EXCERPTED RECORDS:
(* Any routing labeling scheme for rooted trees on $n$ nodes needs labels of length $\log n+\Omega(\log\log n)$ bits. This holds even when restricted to the family of rooted trees on $n$ nodes in which every node has at most $2$ children. Precisely: there is a constant $c>0$ such that for all sufficiently large $n$, every routing labeling scheme for that family assigns, to some node of some tree in the family, a label of length at least $\log n+c\log\log n$.
   Context: All logarithms are base $2$. A (designer-port) routing labeling scheme for a family $\mathcal{T}$ of rooted trees consists of an encoder and a decoder. - The encoder is given $T\in\mathcal{T}$. It assigns a binary string (label) $\ell(u)$ to every node $u$. It also labels the edges from each node $u$ to its $\deg(u)$ children with distinct port numbers from $\{1,\dots,\deg(u)\}$; the encoder is free to choose these port numbers. - The decoder receives only $\ell(u)$ and $\ell(w)$ for nodes $u\neq w$ of some $T\in\mathcal{T}$; the value $\lceil\log n\rceil$, where $n=|T|$, may also be assumed known. It must return $0$ if the next node on the path from $u$ to $w$ is the parent of $u$. Otherwise it must return the port number of the first edge on that path. - The length of the scheme is the maximum label length over all trees in $\mathcal{T}$ and all their nodes. *)

From mathcomp Require Import all_boot.
From Stdlib Require Import Reals.

Set Implicit Arguments.
Unset Strict Implicit.
Unset Printing Implicit Defensive.

Definition log2 (x : R) : R := (ln x / ln 2)%R.

(* A rooted tree on the node set 'I_n: a root and a parent function, the root
   being its own parent, such that every node reaches the root by iterating
   the parent map (so there are no other cycles). *)
Record rtree (n : nat) := RTree {
  rt_root : 'I_n;
  rt_par : 'I_n -> 'I_n;
  rt_par_root : rt_par rt_root = rt_root;
  rt_reach : forall v : 'I_n, exists k, iter k rt_par v = rt_root
}.

Definition is_child n (T : rtree n) (u v : 'I_n) : bool :=
  (v != rt_root T) && (rt_par T v == u).

Definition ndeg n (T : rtree n) (u : 'I_n) : nat := #|[pred v | is_child T u v]|.

Definition binary_tree n (T : rtree n) : Prop := forall u, ndeg T u <= 2.

Definition in_subtree n (T : rtree n) (u w : 'I_n) : Prop :=
  exists k, iter k (rt_par T) w = u.

(* A port assignment gives, for every non-root node v, the port number of the
   edge from parent v to v.  Valid: the ports of the children of each u are
   distinct and lie in {1, ..., deg(u)}. *)
Definition valid_ports n (T : rtree n) (port : 'I_n -> nat) : Prop :=
  (forall v, v != rt_root T -> 0 < port v <= ndeg T (rt_par T v)) /\
  (forall v v', v != rt_root T -> v' != rt_root T ->
     rt_par T v = rt_par T v' -> port v = port v' -> v = v').

Definition routing_correct n (T : rtree n) (lab : 'I_n -> seq bool)
    (port : 'I_n -> nat) (dec : seq bool -> seq bool -> nat) : Prop :=
  forall u w : 'I_n, u != w ->
    (in_subtree T u w ->
       exists c, is_child T u c /\ in_subtree T c w /\ dec (lab u) (lab w) = port c) /\
    (~ in_subtree T u w -> dec (lab u) (lab w) = 0).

ASSIGNMENT: As the answer, set down only the lines from the data above between the one holding "the parent map" and the one holding "Definition is_child n", inclusive, exactly as they read.

SOLUTION BELOW:
   the parent map (so there are no other cycles). *)
Record rtree (n : nat) := RTree {
  rt_root : 'I_n;
  rt_par : 'I_n -> 'I_n;
  rt_par_root : rt_par rt_root = rt_root;
  rt_reach : forall v : 'I_n, exists k, iter k rt_par v = rt_root
}.

Definition is_child n (T : rtree n) (u v : 'I_n) : bool :=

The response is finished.